Сергей Резник рассказал в интервью нашей редакции о том, почему уехал из России, в каких условиях и почему отсидел три года в колонии, а также о новых уголовных делах, федеральном розыске и жизни в Грузии.
– Сергей, в 2019-м году вы уехали из России. Расскажите, почему.
– Почему уехал? Потому что ко мне пришли люди в очень высоких погонах и попросили посмотреть телефон. Не дать посмотреть – это значило получить обыск моментально. И любой российский суд засилил бы этот обыск. Я понял, что в этот раз попросили телефон, а в следующий раз попросят планшет или компьютер, что могут вообще через день с обысками приходить. Позже друзья сказали мне, что многое из того, что я писал как журналист, можно было подвести под разглашение государственной тайны. Дали бы мне, как журналисту-рецидивисту, ещё лет семь. А оно мне надо?
В Грузии я просыпаюсь по утрам и не жду обыска, выхожу из дома и не вижу сидящей «наружки», возвращаюсь домой и не жду, что в меня тыкнут ножом или ударят битой, выхожу из машины, не держа наготове травматический пистолет, и так далее. Здесь я спокойно живу, спокойно работаю, не это ли главное?
– Расскажите о своём новом деле об оправдании нацизма. Что конкретно вам вменяют?
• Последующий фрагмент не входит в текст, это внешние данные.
(* [tpow X n] is X^(n+1) *)
Fixpoint tpow (X : topologicalType) (n : nat) : topologicalType :=
  match n with 0 => X | m.+1 => (tpow X m * X)%type end.

(* X is Hausdorff and X^n is a k-space for every n >= 1 (X^0 is a point) *)
Definition k_infty_space (X : topologicalType) : Prop :=
  hausdorff_space X /\ forall n, k_space (tpow X n).

(* The directional derivative of b \o f at x in direction y is
   b (df (x, y)).1 (f x).2 + b (f x).1 (df (x, y)).2, a sum of two maps of the
   form b \o G on U x X with G of class C^k whenever f is C^(k+1).  Both
   hypotheses pass from X to X x X, so induction on k reduces everything to
   continuity of b \o g.  Under (a) b \o g is sequentially continuous, which is
   enough on a first countable space.  Under (b) a convergent sequence together
   with its limit is compact, so b is sequentially continuous as well (which
   controls the difference quotients), and hypocontinuity makes b \o g
   continuous on every compact set, which is enough on a k-space. *)

From HB Require Import structures.
From mathcomp Require Import all_boot all_order all_algebra.
From mathcomp Require Import all_classical all_reals all_analysis.
From mathcomp.real_closed Require Import complex.
Import Order.TTheory GRing.Theory Num.Theory.
Import numFieldNormedType.Exports.
Local Open Scope classical_set_scope.
Local Open Scope ring_scope.
Set Implicit Arguments.
Unset Strict Implicit.
Unset Printing Implicit Defensive.

Section nested_basis.
Context {T : Type}.

Definition nested_basis (F : set_system T) (B : nat -> set T) :=
  [/\ forall n, F (B n), forall n, B n.+1 `<=` B n &
      forall A, F A -> exists n, B n `<=` A].

Variables (F : set_system T) (B : nat -> set T).
Hypothesis FB : nested_basis F B.

Lemma nested_basis_le m n : (m <= n)%N -> B n `<=` B m.
Proof.
have [_ BS _] := FB; move=> /subnK <-; elim: (n - m)%N => [|k IH] //=.
by rewrite addSn; apply: subset_trans (BS _) IH.
Qed.

Lemma nested_basis_seq (s : nat -> T) : (forall n, B n (s n)) -> s @ \oo --> F.
Proof.
move=> Bs A FA; have [_ _ /(_ A FA) [m BmA]] := FB.
by exists m => // n /= mn; apply: BmA; exact: (nested_basis_le mn (Bs n)).
Qed.

Lemma cvg_nested_basis {Z : topologicalType} (phi : T -> Z) (l : Z) : Filter F ->
  (forall s : nat -> T, (forall n, B n (s n)) -> phi (s n) @[n --> \oo] --> l) ->
  phi @ F --> l.
Proof.
move=> FF phis W Wl; apply: contrapT => nFW.
have /choice [s sB] : forall n, exists t, B n t /\ ~ W (phi t).
  move=> n; apply: contrapT => H; apply: nFW.
  have [BF _ _] := FB; suff : F (phi @^-1` W) by [].
  apply: filterS (BF n) => t Bt.
  by apply: contrapT => nW; apply: H; exists t.
have [m _ /(_ m (leqnn m))] := phis s (fun n => (sB n).1) W Wl.
exact: (sB m).2.
Qed.

End nested_basis.

Definition first_countable (X : topologicalType) :=
  forall x : X, exists B, nested_basis (nbhs x) B.

Lemma first_countable_prod (X Y : topologicalType) :
  first_countable X -> first_countable Y -> first_countable (X * Y)%type.
Proof.
move=> FX FY [x y]; have [B1 B1x] := FX x; have [B2 B2y] := FY y.
have [B1n B1S B1A] := B1x; have [B2n B2S B2A] := B2y.
exists (fun n => B1 n `*` B2 n); split.
- by move=> n; exists (B1 n, B2 n) => //; split; [exact: B1n|exact: B2n].
- by move=> n [a b] [/= ? ?]; split; [exact: B1S|exact: B2S].
move=> A [[P Q] [/= /B1A [n1 H1] /B2A [n2 H2]] PQA]; exists (maxn n1 n2).
move=> [a b] [/= Ha Hb]; apply: PQA; split.
  by apply/H1/(nested_basis_le B1x (leq_maxl n1 n2)).
by apply/H2/(nested_basis_le B2y (leq_maxr n1 n2)).
Qed.

Lemma metrizable_first_countable (R : realType) (X : topologicalType) :
  metrizable R X -> first_countable X.
Proof.
move=> [d [_ _ _ _ dN]] x.
exists (fun n => [set y | d x y < n.+1%:R^-1]); split.
- by move=> n; apply/dN; exists n.+1%:R^-1; rewrite ?invr_gt0.
- move=> n y /= /lt_le_trans; apply.
  by rewrite lef_pV2 ?posrE // ler_nat.
- move=> A /dN [e e0 eA].
  have [m _ /(_ m (leqnn m)) me] := near_infty_natSinv_lt (PosNum e0).
  by exists m => y /= /lt_trans /(_ me) /eA.
Qed.

Lemma first_countable_continuous_at (X Z : topologicalType) (g : X -> Z) (x : X) :
  first_countable X ->
  (forall u : nat -> X, u @ \oo --> x -> g (u n) @[n --> \oo] --> g x) ->
  {for x, continuous g}.
Proof.
move=> /(_ x) [B xB] gu; apply: (cvg_nested_basis xB) => s Bs.
exact/gu/(nested_basis_seq xB).
Qed.

Lemma cvg_compact_range (T : topologicalType) (s : nat -> T) (l : T) :
  s @ \oo --> l -> compact (range s `|` [set l]).
Proof.
move=> sl F PF FM; have [cl|ncl] := pselect (cluster F l).
  by exists l; split => //; right.
have [A [V [FA Vl AV]]] : exists A V, [/\ F A, nbhs l V & A `&` V = set0].
  apply: contrapT => H; apply: ncl => A V FA Vl; apply: contrapT => nAV.
  apply: H; exists A, V; split => //; apply/seteqP; split => // x Hx.
  by apply: nAV; exists x.
have [N _ HN] := sl V Vl.
have FN : F [set s n | n in `I_N].
  apply: filterS (filterI FA FM) => x [Ax [[n _ sx]|xl]].
    rewrite -sx in Ax *.
    have [nN|Nn] := ltnP n N; first by exists n.
    have : (A `&` V) (s n) := conj Ax (HN n Nn).
    by rewrite AV.
  rewrite xl in Ax *; have : (A `&` V) l := conj Ax (nbhs_singleton Vl).
  by rewrite AV.
have [a [[n _ <-] ca]] := finite_compact (finite_image s (finite_II N)) PF FN.
by exists (s n); split => //; left; exists n.
Qed.

Definition compactly_generated (X : topologicalType) := forall A : set X,
  (forall C, compact C -> exists D, closed D /\ A `&` C = D `&` C) -> closed A.

Definition homeomorphism {X Y : topologicalType} (h : X -> Y) :=
  exists h' : Y -> X, [/\ continuous h, continuous h', cancel h h' & cancel h' h].

Lemma homeomorphism_id (X : topologicalType) : homeomorphism (@id X).
Proof. by exists id; split => // x; apply: cvg_id. Qed.

Lemma homeomorphism_comp (X Y Z : topologicalType) (f : X -> Y) (g : Y -> Z) :
  homeomorphism f -> homeomorphism g -> homeomorphism (g \o f).
Proof.
move=> [f' [cf cf' fK f'K]] [g' [cg cg' gK g'K]]; exists (f' \o g'); split.
- by move=> x; apply: continuous_comp; [exact: cf|exact: cg].
- by move=> x; apply: continuous_comp; [exact: cg'|exact: cf'].
- by move=> x /=; rewrite gK fK.
- by move=> x /=; rewrite f'K g'K.
Qed.

Lemma continuous_prod_map (X1 X2 Y1 Y2 : topologicalType) (h1 : X1 -> Y1)
    (h2 : X2 -> Y2) :
  continuous h1 -> continuous h2 -> continuous (fun p => (h1 p.1, h2 p.2)).
Proof.
move=> c1 c2 p; apply: cvg_pair.
  by apply: continuous_comp; [exact: cvg_fst|exact: c1].
by apply: continuous_comp; [exact: cvg_snd|exact: c2].
Qed.

Lemma homeomorphism_prod (X1 X2 Y1 Y2 : topologicalType) (h1 : X1 -> Y1)
    (h2 : X2 -> Y2) :
  homeomorphism h1 -> homeomorphism h2 -> homeomorphism (fun p => (h1 p.1, h2 p.2)).
Proof.
move=> [g1 [c1 c1' K1 K1']] [g2 [c2 c2' K2 K2']].
exists (fun p => (g1 p.1, g2 p.2)); split; try exact: continuous_prod_map.
- by move=> [a b] /=; rewrite K1 K2.
- by move=> [a b] /=; rewrite K1' K2'.
Qed.

Lemma homeomorphism_prodAr (X Y Z : topologicalType) :
  homeomorphism (@unstable.prodAr X Y Z).
Proof.
exists (@unstable.prodA X Y Z); split.
- exact: prodAr_continuous.
- exact: prodA_continuous.
- by move=> [a [b c]].
- by move=> [[a b] c].
Qed.

Lemma tpow_square_homeomorphism (X : topologicalType) n :
  exists m (h : tpow (X * X)%type n -> tpow X m), homeomorphism h.
Proof.
elim: n => [|n [m [h hh]]]; first by exists 1%N, id; exact: homeomorphism_id.
exists m.+2, (@unstable.prodAr (tpow X m) X X \o (fun p => (h p.1, p.2))).
apply: homeomorphism_comp; last exact: homeomorphism_prodAr.
exact: homeomorphism_prod hh (homeomorphism_id _).
Qed.

Lemma compactly_generated_homeomorphism (X Y : topologicalType) (h : X -> Y) :
  homeomorphism h -> compactly_generated Y -> compactly_generated X.
Proof.
move=> [g [ch cg hK gK]] kY A HA.
have cgA : closed (g @^-1` A).
  apply: kY => C' cC'.
  have cC : compact (g @` C').
    by apply: continuous_compact => //; exact: continuous_subspaceT.
  have [D [clD HD]] := HA _ cC.
  exists (g @^-1` D); split; first by move/continuous_closedP : cg; apply.
  apply/seteqP; split => y [Ay Cy].
    have : (A `&` g @` C') (g y) by split => //; exists y.
    by rewrite HD => -[].
  have : (D `&` g @` C') (g y) by split => //; exists y.
  by rewrite -HD => -[].
have -> : A = h @^-1` (g @^-1` A) by apply/seteqP; split => x /=; rewrite hK.
by move/continuous_closedP : ch; apply.
Qed.

Lemma compactly_generated_tpow_square (X : topologicalType) :
  (forall n, compactly_generated (tpow X n)) ->
  forall n, compactly_generated (tpow (X * X)%type n).
Proof.
move=> kX n; have [m [h hh]] := tpow_square_homeomorphism X n.
exact: compactly_generated_homeomorphism hh (kX m).
Qed.

(* The points of N where h leaves the interior of W form a set that meets every
   compact set in a closed set; it is therefore closed, and it misses x0. *)
Lemma compactly_generated_continuous_at (X Z : topologicalType) (h : X -> Z)
    (N : set X) (x0 : X) :
  compactly_generated X -> closed N -> nbhs x0 N ->
  (forall C z, compact C -> (C `&` N) z -> h @ within (C `&` N) (nbhs z) --> h z) ->
  {for x0, continuous h}.
Proof.
move=> kX clN Nx0 hCN W hW; pose O := W°.
pose P := N `&` (h @^-1` (~` O)).
have clP : closed P.
  apply: kX => C cC; exists (closure (P `&` C)); split; first exact: closed_closure.
  apply/seteqP; split => z; first by move=> [Pz Cz]; split => //; apply: subset_closure.
  move=> [clz Cz]; have Nz : N z by apply/clN/(closureS _ clz) => w [[]].
  split => //; split => // Oz.
  have /hCN : (C `&` N) z by [].
  move=> /(_ cC O (open_nbhs_nbhs (conj (@open_interior _ W) Oz))).
  by move=> /clz [w [[[Nw nOw] Cw] /(_ (conj Cw Nw))]].
have : nbhs x0 (~` P).
  apply: open_nbhs_nbhs; split; first exact: closed_openC.
  by move=> [_]; apply; exact: hW.
move=> nPx0; apply: filterS (filterI Nx0 nPx0) => t [Nt nPt].
apply: contrapT => nW; apply: nPt; split => // Ot; apply: nW.
exact: nbhs_singleton Ot.
Qed.
(* The symmetric preconditioner [utilde u s (diag pi - c pi pi^T)] maps the
   gradient of the [u]-part of [Lc] (with reference point [w]) to [u - w]. *)
Lemma u_rhs_pairing (v : S -> R) (u w : S -> A -> R) s :
  (forall a, 0 < u s a) ->
  \sum_a (1 - w s a / u s a) * u_rhs tau gamma c P r v u s a
  + c / (1 - c) * ((1 - utilde w s / utilde u s)
                   * \sum_a u_rhs tau gamma c P r v u s a)
  = - \sum_a (u s a - w s a) * gvec tau gamma P r v u s a.
Proof.
move=> u_gt0; have [a0 _|A0] := pickP (@predT A); last first.
  by rewrite !big_pred0 // !mulr0 addr0 oppr0.
set g := gvec tau gamma P r v u s; set U := utilde u s.
set m := \sum_b pol u s b * g b.
have U_gt0 : 0 < U := sumr_gt0_at a0 u_gt0.
have du a : u_rhs tau gamma c P r v u s a = - (u s a * g a - c * m * u s a).
  by rewrite /u_rhs /pol -/U -/g -/m; field; rewrite gt_eqF.
have sum_ug : \sum_a u s a * g a = U * m.
  by rewrite /m mulr_sumr; apply: eq_bigr => a _; rewrite /pol -/U; field; rewrite gt_eqF.
have sum_du : \sum_a u_rhs tau gamma c P r v u s a = - ((1 - c) * U * m).
  rewrite (eq_bigr _ (fun a _ => du a)) sumrN sumrB -mulr_sumr sum_ug.
  by rewrite /U /utilde; ring.
clearbody m; have pair_du : \sum_a (1 - w s a / u s a) * u_rhs tau gamma c P r v u s a
    = - \sum_a (u s a - w s a) * g a + c * m * (U - utilde w s).
  rewrite (eq_bigr _ (fun a _ => congr1 _ (du a))).
  rewrite -sumrN /U /utilde -sumrB mulr_sumr -big_split /=; apply: eq_bigr => a _.
  by field; rewrite gt_eqF.
rewrite pair_du sum_du; field.
by rewrite gt_eqF //= subr_eq0 eq_sym.
Qed.

Section Saddle.
Context {vstar : S -> R} {ustar : S -> A -> R}.
Hypotheses (tau_gt0 : 0 < tau) (alpha_gt0 : 0 < alpha).
Hypothesis saddle : is_saddle alpha tau gamma P r vstar ustar.

Lemma saddle_Kflow s' : alpha * vstar s' = Kflow ustar s'.
Proof.
apply: quadratic_argmin => // v; have := saddle.2.1 v.
by rewrite !Efun_Kflow; lra.
Qed.

Lemma saddle_policy s a :
  tau * ln (pol ustar s a) = r s a - \sum_s' K s a s' * vstar s'.
Proof.
pose C s a := r s a - \sum_s' K s a s' * vstar s'.
rewrite /pol /utilde.
apply: (gibbs_argmax _ tau_gt0 (ustar s) (C s) (saddle.1 s)) => w w_gt0.
pose Q (w : A -> R) := forall a, 0 < w a.
apply: (max_sum_components Q (fun s w => gibbs tau w (C s))) => // [s'|u u_gt0].
  exact: saddle.1.
by have := saddle.2.2 u u_gt0; rewrite !Efun_gibbs lerD2l.
Qed.

Definition dissipation (v : S -> R) (u : S -> A -> R) : R :=
  alpha * \sum_s (v s - vstar s) ^+ 2 + tau * \sum_s logratio_pairing (u s) (ustar s).

Lemma Lc_rate_eq (v : S -> R) (u : S -> A -> R) : (forall s a, 0 < u s a) ->
  alpha * \sum_s (v s - vstar s) * v_rhs alpha gamma P v u s
  + tau * (\sum_s \sum_a (1 - ustar s a / u s a) * u_rhs tau gamma c P r v u s a
           + c / (1 - c) * \sum_s (1 - utilde ustar s / utilde u s)
                                  * \sum_a u_rhs tau gamma c P r v u s a)
  = - dissipation v u.
Proof.
move=> u_gt0; pose X s' := Kflow (fun s a => u s a - ustar s a) s'.
have v_part s' : alpha * ((v s' - vstar s') * v_rhs alpha gamma P v u s')
    = - (alpha * (v s' - vstar s') ^+ 2) + (v s' - vstar s') * X s'.
  rewrite /X KflowB -saddle_Kflow /v_rhs -/(Kflow u s').
  by field; rewrite gt_eqF.
have g_split s a : tau * gvec tau gamma P r v u s a
    = tau * (ln (pol u s a) - ln (pol ustar s a))
      + \sum_s' K s a s' * (v s' - vstar s').
  rewrite /gvec mulrBr (mulrBr tau (ln _)) saddle_policy mulrA mulfV ?gt_eqF //.
  under [X in _ = _ + X]eq_bigr do rewrite mulrBr.
  by rewrite sumrB; ring.
have u_part : tau * \sum_s - \sum_a (u s a - ustar s a) * gvec tau gamma P r v u s a
    = - (tau * \sum_s logratio_pairing (u s) (ustar s)) - \sum_s' (v s' - vstar s') * X s'.
  rewrite !mulr_sumr /X -sum_mul_Kflow -opprD -big_split /= -sumrN.
  apply: eq_bigr => s _; rewrite mulrN /logratio_pairing !mulr_sumr -big_split /=.
  congr (- _); apply: eq_bigr => a _; rewrite mulrCA g_split /pol /utilde; ring.
rewrite [c / (1 - c) * _]mulr_sumr -big_split /=.
rewrite (eq_bigr _ (fun s _ => u_rhs_pairing v u ustar s (u_gt0 s))) u_part.
rewrite [alpha * _]mulr_sumr (eq_bigr _ (fun s _ => v_part s)) big_split /= sumrN.
by rewrite /dissipation [in RHS]mulr_sumr; ring.
Qed.

Lemma dissipation_ge0 (v : S -> R) (u : S -> A -> R) :
  (forall s a, 0 < u s a) -> 0 <= dissipation v u.
Proof.
move=> u_gt0; apply: addr_ge0; apply: mulr_ge0; try exact: ltW.
  by apply: sumr_ge0 => s _; exact: sqr_ge0.
by apply: sumr_ge0 => s _; apply: logratio_pairing_ge0 => //; exact: saddle.1.
Qed.

Lemma dissipation_eq0 (v : S -> R) (u : S -> A -> R) :
  (forall s a, 0 < u s a) -> dissipation v u = 0 ->
  v = vstar /\ forall s a, pol u s a = pol ustar s a.
Proof.
move=> u_gt0; have pairing_ge0 s : 0 <= logratio_pairing (u s) (ustar s).
  by apply: logratio_pairing_ge0 => //; exact: saddle.1.
have dev_ge0 s : 0 <= (v s - vstar s) ^+ 2 by exact: sqr_ge0.
move=> /eqP; rewrite paddr_eq0; first last.
- by apply: mulr_ge0; [exact: ltW | exact: sumr_ge0].
- by apply: mulr_ge0; [exact: ltW | exact: sumr_ge0].
rewrite !mulf_eq0 (gt_eqF alpha_gt0) (gt_eqF tau_gt0) /=.
move=> /andP[/eqP dev0 /eqP pairing0]; split.
  apply/funext => s; apply/eqP; rewrite -subr_eq0 -sqrf_eq0; apply/eqP.
  by move: dev0 => /(psumr_eq0P (fun s _ => dev_ge0 s))/(_ s isT).
move=> s; apply: logratio_pairing_eq0 => //; first exact: saddle.1.
by move: pairing0 => /(psumr_eq0P (fun s _ => pairing_ge0 s))/(_ s isT).
Qed.

Lemma is_derive_Lc (v : R -> S -> R) (u : R -> S -> A -> R) (t : R)
    (dv : S -> R) (du : S -> A -> R) :
  (forall s a, 0 < u t s a) ->
  (forall s, is_derive t 1 (fun x => v x s) (dv s)) ->
  (forall s a, is_derive t 1 (fun x => u x s a) (du s a)) ->
  is_derive t 1 (fun x => Lc alpha tau c vstar ustar (v x) (u x))
    (alpha * \sum_s (v t s - vstar s) * dv s
     + tau * (\sum_s \sum_a (1 - ustar s a / u t s a) * du s a
              + c / (1 - c) * \sum_s (1 - utilde ustar s / utilde (u t) s)
                                     * \sum_a du s a)).
Proof.
move=> u_gt0 v_der u_der.
have utilde_der s : is_derive t 1 (fun x => utilde (u x) s) (\sum_a du s a).
  exact: is_derive_fsum.
have utilde_gt0 s : 0 < utilde ustar s -> 0 < utilde (u t) s.
  have [a _ _|A0] := pickP (@predT A); first exact: (sumr_gt0_at a (u_gt0 s)).
  by rewrite /utilde big_pred0 ?ltxx.
have v_term := is_derive_fsum (fun s => is_derive_sqr_sub (vstar s) (v_der s)).
have u_term := is_derive_fsum (fun s => is_derive_fsum (fun a =>
  is_derive_kl_div (ltW (saddle.1 s a)) (fun _ => u_gt0 s a) (u_der s a))).
have utilde_term := is_derive_fsum (fun s => is_derive_kl_div
  (sumr_ge0 _ (fun a _ => ltW (saddle.1 s a))) (@utilde_gt0 s) (utilde_der s)).
apply: is_derive_eq (is_deriveD (is_deriveZ (alpha / 2) v_term)
  (is_deriveZ tau (is_deriveD u_term (is_deriveZ (c / (1 - c)) utilde_term)))) _.
rewrite -![_ *: _]/(_ * _); congr (_ + _).
by rewrite !mulr_sumr; apply: eq_bigr => s _; field.
Qed.

Lemma is_derive_Lc_trajectory t0 t1 (v : R -> S -> R) (u : R -> S -> A -> R) t :
  is_trajectory alpha tau gamma c P r t0 t1 v u -> t0 < t < t1 ->
  is_derive t 1 (fun x => Lc alpha tau c vstar ustar (v x) (u x))
    (- dissipation (v t) (u t)).
Proof.
move=> traj t_in; have [u_gt0 [v_der u_der]] := traj t t_in.
rewrite -Lc_rate_eq //; apply: is_derive_Lc => // [s|s a].
  by rewrite -(v_der s).2 derive1E; apply: derivableP; exact: (v_der s).1.
by rewrite -(u_der s a).2 derive1E; apply: derivableP; exact: (u_der s a).1.
Qed.

End Saddle.
End MDP.

Theorem lemma3p2 (R : realType) (S A : finType)
    (P : S -> A -> S -> R) (r : S -> A -> R) (gamma tau alpha c : R)
    (hP0 : forall s a s', 0 <= P s a s')
    (hP1 : forall s a, \sum_(s' : S) P s a s' = 1)
    (hr : forall s a, 0 <= r s a)
    (hgamma : 0 < gamma < 1) (htau : 0 < tau) (halpha : 0 < alpha)
    (hc : 0 < c < 1)
    (vstar : S -> R) (ustar : S -> A -> R)
    (hsaddle : is_saddle alpha tau gamma P r vstar ustar)
    (t0 t1 : R) (ht : t0 < t1)
    (v : R -> S -> R) (u : R -> S -> A -> R)
    (htraj : is_trajectory alpha tau gamma c P r t0 t1 v u) :
  (forall t, t0 < t < t1 ->
     derivable (fun x => Lc alpha tau c vstar ustar (v x) (u x)) t 1 /\
     derive1 (fun x => Lc alpha tau c vstar ustar (v x) (u x)) t <= 0) /\
  ((forall t, t0 < t < t1 ->
      derive1 (fun x => Lc alpha tau c vstar ustar (v x) (u x)) t = 0) ->
   forall t, t0 < t < t1 -> v t = vstar /\ u t = ustar).
Proof.
have c_neq1 : c != 1 by case/andP: hc => _ /lt_eqF ->.
have Lc_der t := is_derive_Lc_trajectory c_neq1 htau halpha hsaddle t0 t1 v u t htraj.
split=> [t t_in|Lc_stat t t_in].
  have der := Lc_der t t_in; split; first exact: ex_derive.
  rewrite derive1E derive_val oppr_le0.
  exact: dissipation_ge0 htau halpha hsaddle _ _ (htraj t t_in).1.
have stationary z : t0 < z < t1 ->
    v z = vstar /\ forall s a, pol (u z) s a = pol ustar s a.
  move=> z_in; have der := Lc_der z z_in.
  apply: dissipation_eq0 htau halpha hsaddle _ _ (htraj z z_in).1 _.
  by apply/eqP; rewrite -oppr_eq0 -(Lc_stat z z_in) derive1E derive_val.
have [u_gt0 [v_der _]] := htraj t t_in; have [vt_eq pol_eq] := stationary t t_in.
have /andP[gamma_gt0 gamma_lt1] := hgamma.
split=> //; apply: (pol_Kflow_inj hP0 hP1 (ltW gamma_gt0) gamma_lt1 u_gt0 hsaddle.1 pol_eq).
move=> s'; rewrite -(saddle_Kflow halpha hsaddle).
have := derive1_eq0_itv (fun z z_in => congr1 (fun w => w s') (stationary z z_in).1) t_in.
rewrite (v_der s').2 /v_rhs vt_eq => /eqP; rewrite oppr_eq0 subr_eq0 => /eqP ->.
by rewrite mulrA mulfV ?gt_eqF ?mul1r.
Qed.
Theorem lemma3 (T : finType) (e : rel T) (S : {set T}) (k : nat)
    (alpha beta : class_t T -> nat -> nat) (sigma pi : seq T) :
  simple_graph e ->
  twin_cover e S -> #|S| = k ->
  spec_fun S alpha -> spec_fun S beta ->
  is_layout sigma -> is_layout pi ->
  clean e S sigma -> clean e S pi ->
  similar S sigma pi ->
  respects_count e S sigma alpha -> respects_size e S sigma beta ->
  respects_count e S pi alpha -> respects_size e S pi beta ->
  imbalance e sigma = imbalance e pi.
Proof.
move=> [e_sym e_irr] S_twin _ _ _ sigma_layout pi_layout sigma_clean pi_clean similar_sp.
move=> sigma_count sigma_size pi_count pi_size.
rewrite !(imbalance_split S e_sym) (sum_imb_cliques_similar e_sym e_irr S_twin
  sigma_layout pi_layout sigma_clean pi_clean similar_sp sigma_count pi_count).
congr (_ + _); apply: eq_bigr => v vS.
exact: (imb_v_S_similar e_sym S_twin sigma_layout pi_layout sigma_clean pi_clean
  similar_sp sigma_size pi_size vS).
Qed.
– Шикарное дело. Фактически, мне инкриминируют моё историческое образование и историческую дискуссию, которая ведётся уже более тридцати лет, после множества научных публикаций, после выступлений известных историков, если таковыми можно считать Виктора Суворова, Марка Солонина и других экспертов. Речь идёт о том, кто на кого готовил нападение: Иосиф Сталин или Адольф Гитлер; почему, воюя на западе с Англией, немецкие войска вдруг развернулись и кинулись на Советский Союз? Ну и, соответственно, произошло это, в смысле новое уголовное дело, не без коммерческого заказа, как указали мне источники в российских силовых структурах. Проплатил его известный кубанский бизнесмен Олег Макаревич, подкрепило ОПС «Концерн Покровский» и окончательно затвердило несколько генералов МВД и ФСБ из Ростова и Москвы.
Я пишу обо всем, как есть. Господа чем-то недовольны, и я сотни раз говорил: господа, ваше недовольство может быть высказано в письменном виде, просил дать интервью, ответить на некоторые вопросы. Вместо этого они инициируют массовые заявления, которых в отношении меня было написано полтора десятка, платят силовикам, и требуют инициировать уголовное преследование. «Затронул очень высоких людей» – это единственная фраза, которой исполнители объясняют все уголовные дела, возбуждённые в отношении меня. Так и назовите статью УК – «обидел очень высоких людей». Я сам приду, напишу явку с повинной и возьму особый порядок. Да обидел, работа у меня такая – иногда «обижать высоких людей». А все эти выдумки про реабилитацию, дискредитацию, шпионажи, фейки и так далее пусть оставят себе.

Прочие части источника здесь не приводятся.